As the trees transitioned to wetlands I realized that I had been sheltered from the wind and that the trip down the lake wasn’t going to be as easy as I hoped. The wind was out of the northwest and made the paddling strenuous as it pushed the canoe around. I made good progress mostly because I was alone and needed to continue paddling in order to keep the canoe going in the correct direction. Long Lake was very nice, it has camps sprinkled along the shore but it’s certainly not over developed. I was 1/2 way to the eastern end before I saw two kayakers near the Lower Narrows. They were the only two boats I saw on the 7 mile long lake. I didn’t see any of the marked campsites but I really didn’t look too hard. I got a little confused entering the Moose River again as there are some islands not shown on the map. The easiest way to find the outlet is to look for The current bending grass on the bottom of the lake. The 2 miles of river were great. It was nice to be out of the wind again, the scenery was fantastic, and the white water was either easy or just challenging enough without being scary. I got to see my second moose and if there had been more time I would've liked to have done some fishing because the trout were rising. The landing at the Demo Road Bridge was a little difficult because there’s a strainer at the take out which sort of forces you to head into the current, additionally the water was high due to all the rain. I wouldn't have wanted to get sucked into the drop below the bridge. I got all my gear up to the road and organized in the canoe and began the three mile Demo Portage. At least the rain had stopped. The NFCT map is incorrect and the description is misleading. The first fork is at .5 miles and then you go an ADDITIONAL 1.5 miles to the turn-off on the one lane track in the description. The turn is AFTER the Demo Brook at the top of rise and at the beginning of a gentle turn to the north. The turn-off was well marked. I then headed down the single lane overgrown dirt road, at one point I had to wade through knee deep water and the cart flipped. After getting everything back together I began looking for a good camping spot. It was late and I was tired and it had begun to rain again. I'm glad I did the portage on a cool cloudy evening rather than during a hot sunny day. I got the hammock set up and dinner cooked and I went to bed. About a 19 mile day with a 1:00pm start.

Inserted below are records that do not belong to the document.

Lemma sum_normx0 x : N x 0 = `|x|. Proof. by case: hN => _ _ _ []. Qed.
Lemma sum_norm0y y : N 0 y = `|y|. Proof. by case: hN => _ _ _ []. Qed.
Lemma sum_norm_ge_normx x y : `|x| <= N x y. Proof. by case: hN => _ _ _ []. Qed.
Lemma sum_normZ (a : R) x y : N (a *: x) (a *: y) = `|a| * N x y.
Proof. by case: hN. Qed.

Lemma sum_norm_ge0 x y : 0 <= N x y.
Proof. exact: le_trans (sum_norm_ge_normx x y). Qed.

Lemma dnorm_sum_ub xs ys x y :
  N x y <= 1 -> ((`|xs x + ys y|)%:E <= dnorm_sum N xs ys)%E.
Proof. by move=> xy1; apply: ereal_sup_ubound; exists (x, y). Qed.

Lemma dnorm_sum_le_norm xs ys (c : R) x y : is_dual xs -> is_dual ys ->
  (dnorm_sum N xs ys <= c%:E)%E -> `|xs x + ys y| <= c * N x y.
Proof.
move=> hxs hys hc; have [Nxy0|Nxy_neq0] := eqVneq (N x y) 0.
  case: hN => N0 _ _ _; have [-> ->] := N0 _ _ Nxy0.
  by rewrite (dual0 hxs) (dual0 hys) addr0 sum_normx0 !normr0 mulr0.
have Nxy_gt0 : 0 < N x y by rewrite lt_def Nxy_neq0 sum_norm_ge0.
have Nxy_inv : N ((N x y)^-1 *: x) ((N x y)^-1 *: y) <= 1.
  by rewrite sum_normZ ger0_norm ?mulVf // invr_ge0 ltW.
have := le_trans (dnorm_sum_ub xs ys Nxy_inv) hc.
rewrite lee_fin (dualZ _ _ hxs) (dualZ _ _ hys) -mulrDr normrM ger0_norm;
  last by rewrite invr_ge0 ltW.
by rewrite mulrC ler_pdivrMr.
Qed.

Lemma exists_norming_dual x y : exists xs, exists ys,
  [/\ is_dual xs, is_dual ys, forall u v, `|xs u + ys v| <= N u v
    & xs x + ys y = N x y].
Proof.
pose p (w : X * Y) := N w.1 w.2.
have hp : sublinear p.
  split=> [u v|s u s0]; first by case: hN => _ _ + _; exact.
  by rewrite /p sum_normZ ger0_norm.
have [f [f_lin f_le fxy]] := hahn_banach (x, y) hp.
have f0 : f 0 = 0 by have := f_lin (-1) 0 0; rewrite scaler0 addr0 mulN1r addNr.
have fN w : f (- w) = - f w.
  by have := f_lin (-1) w 0; rewrite scaleN1r addr0 f0 addr0 mulN1r.
have f_abs w : `|f w| <= p w.
  rewrite ler_norml f_le andbT lerNl -fN.
  apply: le_trans (f_le _) _; case: w => u v; rewrite /p /=.
  by rewrite -[- u]scaleN1r -[- v]scaleN1r sum_normZ normrN normr1 mul1r.
have f_split u v : f (u, v) = f (u, 0) + f (0, v).
  have -> : (u, v) = (u, 0) + (0, v) :> X * Y.
    by congr pair; rewrite (addr0, add0r).
  by have := f_lin 1 (u, 0) (0, v); rewrite scale1r mul1r.
exists (fun u => f (u, 0)), (fun v => f (0, v)); split.
- apply: is_dual_le_norm => [a u v|u].
    rewrite -f_lin; congr f; congr pair.
    by rewrite -[RHS]/(a *: 0 + 0) scaler0 addr0.
  by apply: le_trans (f_abs _) _; rewrite /p /= sum_normx0.
- apply: is_dual_le_norm => [a u v|v].
    rewrite -f_lin; congr f; congr pair.
    by rewrite -[RHS]/(a *: 0 + 0) scaler0 addr0.
  by apply: le_trans (f_abs _) _; rewrite /p /= sum_norm0y.
- by move=> u v; rewrite -f_split; exact: f_abs.
by rewrite -f_split.
Qed.

Lemma dnorm_sum_dual0r xs : dnorm_sum N xs (fun=> 0) = dnorm xs.
Proof.
apply/eqP; rewrite eq_le; apply/andP; split.
  apply: ge_ereal_sup => _ [[u v] /= uv1 <-]; rewrite addr0.
  apply: ereal_sup_ubound; exists u => //=.
  exact: le_trans (sum_norm_ge_normx u v) uv1.
apply: ge_ereal_sup => _ [u /= u1 <-]; rewrite -[xs u]addr0.
by apply: (@dnorm_sum_ub xs (fun=> 0) u 0); rewrite sum_normx0.
Qed.

End SumNorm.

Unset Implicit Arguments.
Section Sigma.
Context {R : realType} {X : normedModType R} {Y : nat -> normedModType R}.
Variable N : forall k, X -> Y k -> R.
Hypothesis hN : forall k, sum_norm (N k).

Lemma single_id k (y : Y k) : single y k = y.
Proof.
by rewrite /single; case: (Nat.eq_dec k k) => [e|//]; rewrite (UIP_refl_nat _ e).
Qed.

Lemma single_ne k (y : Y k) j : j != k -> single y j = 0.
Proof.
move=> jk; rewrite /single; case: (Nat.eq_dec k j) => // e.
by subst j; rewrite eqxx in jk.
Qed.

Definition dual_single k (ys : Y k -> R) j : Y j -> R :=
  match Nat.eq_dec k j with
  | left e => eq_rect k (fun j => Y j -> R) ys j e
  | right _ => fun=> 0
  end.

Lemma dual_single_id k (ys : Y k -> R) : dual_single k ys k = ys.
Proof.
rewrite /dual_single; case: (Nat.eq_dec k k) => [e|//].
by rewrite (UIP_refl_nat _ e).
Qed.

Lemma dual_single_ne k (ys : Y k -> R) j : j != k -> dual_single k ys j = fun=> 0.
Proof.
move=> jk; rewrite /dual_single; case: (Nat.eq_dec k j) => // e.
by subst j; rewrite eqxx in jk.
Qed.

Definition Lambda_single k (xs : X -> R) (ys : Y k -> R) :=
  (xs, dual_single k ys, fun j => (j == k)%:R : R).

Lemma Lambda_single_eval k xs (ys : Y k -> R) z :
  Lambda_eval (Lambda_single k xs ys) z = xs z.1 + ys (z.2 k).
Proof.
rewrite /Lambda_eval /= (@series_single _ _ k) ?eqxx ?mul1r ?dual_single_id //.
by move=> j /negbTE ->; rewrite mul0r.
Qed.

Lemma in_Lambda_single k xs (ys : Y k -> R) : is_dual xs -> is_dual ys ->
  (forall x y, `|xs x + ys y| <= N k x y) -> in_Lambda N (Lambda_single k xs ys).
Proof.
move=> hxs hys xys_le; split=> // [j|j|j|].
- have [->|jk] := eqVneq j k; first by rewrite dual_single_id.
  by rewrite dual_single_ne //; exact: is_dual0.
- apply: ge_ereal_sup => _ [[x y] /= xy1 <-]; rewrite lee_fin.
  have [e|jk] := eqVneq j k.
    by subst j; rewrite dual_single_id; exact: le_trans (xys_le x y) xy1.
  rewrite dual_single_ne // addr0.
  apply: le_trans (le_trans _ (sum_norm_ge_normx (hN j) x y)) xy1.
  by have := xys_le x 0; rewrite (dual0 hys) addr0 sum_normx0.
- by case: (j == k); rewrite ?lexx ?ler01.
by rewrite (@eseries_single _ _ k) ?eqxx ?expr1n // => j /negbTE ->; rewrite expr0n.
Qed.

Lemma Lambda_eval_le_Sigma_norm L z :
  in_Lambda N L -> ((`|Lambda_eval L z|)%:E <= Sigma_norm N z)%E.
Proof. by move=> hL; apply: ereal_sup_ubound; exists L. Qed.

Lemma Lambda_eval_single_le L k x (y : Y k) :
  in_Lambda N L -> `|Lambda_eval L (x, single y)| <= N k x y.
Proof.
case: L => [[xs ys] a] [hxs hys hd ha _].
rewrite /Lambda_eval /= (@series_single _ _ k); last first.
  by move=> j jk; rewrite single_ne // (dual0 (hys j)) mulr0.
rewrite single_id.
have xys_le := dnorm_sum_le_norm (hN k) x y hxs (hys k) (hd k); rewrite mul1r in xys_le.
have xs_le : `|xs x| <= `|x|.
  have := dnorm_sum_le_norm (hN k) x 0 hxs (hys k) (hd k).
  by rewrite (dual0 (hys k)) addr0 mul1r sum_normx0.
have := sum_norm_ge_normx (hN k) x y; have /andP[a0 a1] := ha k.
rewrite (_ : xs x + a k * ys k y = a k * (xs x + ys k y) + (1 - a k) * xs x);
  last by ring.
move=> x_le; apply: le_trans (ler_normD _ _) _.
rewrite !normrM (ger0_norm a0) (ger0_norm (x := 1 - a k)) ?subr_ge0 //.
nra.
Qed.

Lemma Sigma_norm_single k x (y : Y k) : Sigma_norm N (x, single y) = (N k x y)%:E.
Proof.
apply/eqP; rewrite eq_le; apply/andP; split.
  by apply: ge_ereal_sup => _ [L hL <-]; rewrite lee_fin; exact: Lambda_eval_single_le.
have [xs [ys [hxs hys xys_le xys_eq]]] := exists_norming_dual (hN k) x y.
have hL := in_Lambda_single k xs ys hxs hys xys_le.
have := Lambda_eval_le_Sigma_norm _ (x, single y) hL.
by rewrite Lambda_single_eval /= single_id xys_eq ger0_norm // sum_norm_ge0.
Qed.

Lemma in_Sigma_single k (x : X) (y : Y k) : in_Sigma (x, single y).
Proof.
rewrite /in_Sigma /l2fam /= (@eseries_single _ _ k) ?ltey // => j jk.
by rewrite single_ne // normr0 expr0n.
Qed.

Lemma Lambda_single_le_Sigma_norm k xs (ys : Y k -> R) (c : R) z :
  is_dual xs -> is_dual ys -> 0 < c ->
  (forall u v, `|xs u + ys v| <= c * N k u v) -> (Sigma_norm N z <= 1)%E ->
  `|xs z.1 + ys (z.2 k)| <= c.
Proof.
move=> hxs hys c_gt0 xys_le z1; pose d u := u * c^-1.
have norm_cV : `|c^-1| = c^-1 by rewrite gtr0_norm ?invr_gt0.
have hL : in_Lambda N (Lambda_single k (d \o xs) (d \o ys)).
  apply: in_Lambda_single; [exact: is_dualMr|exact: is_dualMr|] => u v.
  by rewrite /d /= -mulrDl normrM norm_cV ler_pdivrMr // mulrC.
have := le_trans (Lambda_eval_le_Sigma_norm _ z hL) z1.
rewrite Lambda_single_eval /d /= -mulrDl normrM norm_cV.
by rewrite lee_fin ler_pdivrMr // mul1r.
Qed.

Lemma Sigma_dnorm_single k xs (ys : Y k -> R) : is_dual xs -> is_dual ys ->
  Sigma_dnorm N (fun z => xs z.1 + ys (z.2 k)) = dnorm_sum (N k) xs ys.
Proof.
move=> hxs hys; apply/eqP; rewrite eq_le; apply/andP; split; last first.
  apply: ge_ereal_sup => _ [[u v] /= uv1 <-]; apply: ereal_sup_ubound.
  exists (u, single v); last by rewrite /= single_id.
  by split; [exact: in_Sigma_single | rewrite Sigma_norm_single lee_fin].
have d_ge0 : (0 <= dnorm_sum (N k) xs ys)%E.
  have := @dnorm_sum_ub _ _ _ (N k) xs ys 0 0.
  by rewrite (dual0 hxs) (dual0 hys) addr0 normr0 sum_normx0 // normr0; apply.
apply: ge_ereal_sup => _ [z [_ z1] <-].
case d_eq : (dnorm_sum (N k) xs ys) d_ge0 => [r||] //; last by move=> _; rewrite leey.
rewrite !lee_fin => r_ge0; apply/ler_addgt0Pr => e e_gt0.
apply: (Lambda_single_le_Sigma_norm k xs ys (r + e) z) => // [|u v].
  exact: ltr_wpDl.
by apply: (dnorm_sum_le_norm (hN k)) => //; rewrite d_eq lee_fin lerDl ltW.
Qed.

Lemma Sigma_dnorm_X (k : nat) (xs : X -> R) :
  is_dual xs -> Sigma_dnorm N (fun z => xs z.1) = dnorm xs.
Proof.
move=> hxs; rewrite -(dnorm_sum_dual0r (hN k)).
rewrite -(Sigma_dnorm_single k _ _ hxs is_dual0).
by congr Sigma_dnorm; apply: funext => z; rewrite addr0.
Qed.

End Sigma.

Theorem proposition2p4 (R : realType) (X : completeNormedModType R)
  (Y : nat -> completeNormedModType R) (N : forall k, X -> Y k -> R)
  (hN : forall k, sum_norm (N k)) (k : nat) :
  [/\ (forall (x : X) (y : Y k),
         Sigma_norm N (x, single y) = (N k x y)%:E),
      (forall (xs : X -> R) (ys : Y k -> R), is_dual xs -> is_dual ys ->
         Sigma_dnorm N (fun z => xs z.1 + ys (z.2 k)) = dnorm_sum (N k) xs ys) &
      (forall xs : X -> R, is_dual xs ->
         Sigma_dnorm N (fun z => xs z.1) = dnorm xs)].
Proof.
split=> [x y | xs ys hxs hys | xs hxs].
- exact: Sigma_norm_single.
- exact: Sigma_dnorm_single.
- exact: Sigma_dnorm_X.
Qed.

It poured rain during the night but stopped by the morning. I got the gear packed up and decided to wait until I got to the water to eat because the mosquitoes were horrible. After a short walk on the road I got to the final .25 mile section through the woods. Once again the turn was well marked, it’s on the right. I had to carry the boat for the final section which probably isn’t .25 mile and is relatively easy. Judging from the footprints on the trail it is very popular with the local moose. I didn’t see any human tracks. The put in was small but nice and the campsite at the opening to Brassua Lake looked excellent. I wish I hadn’t run out of daylight the previous night and had made it that far.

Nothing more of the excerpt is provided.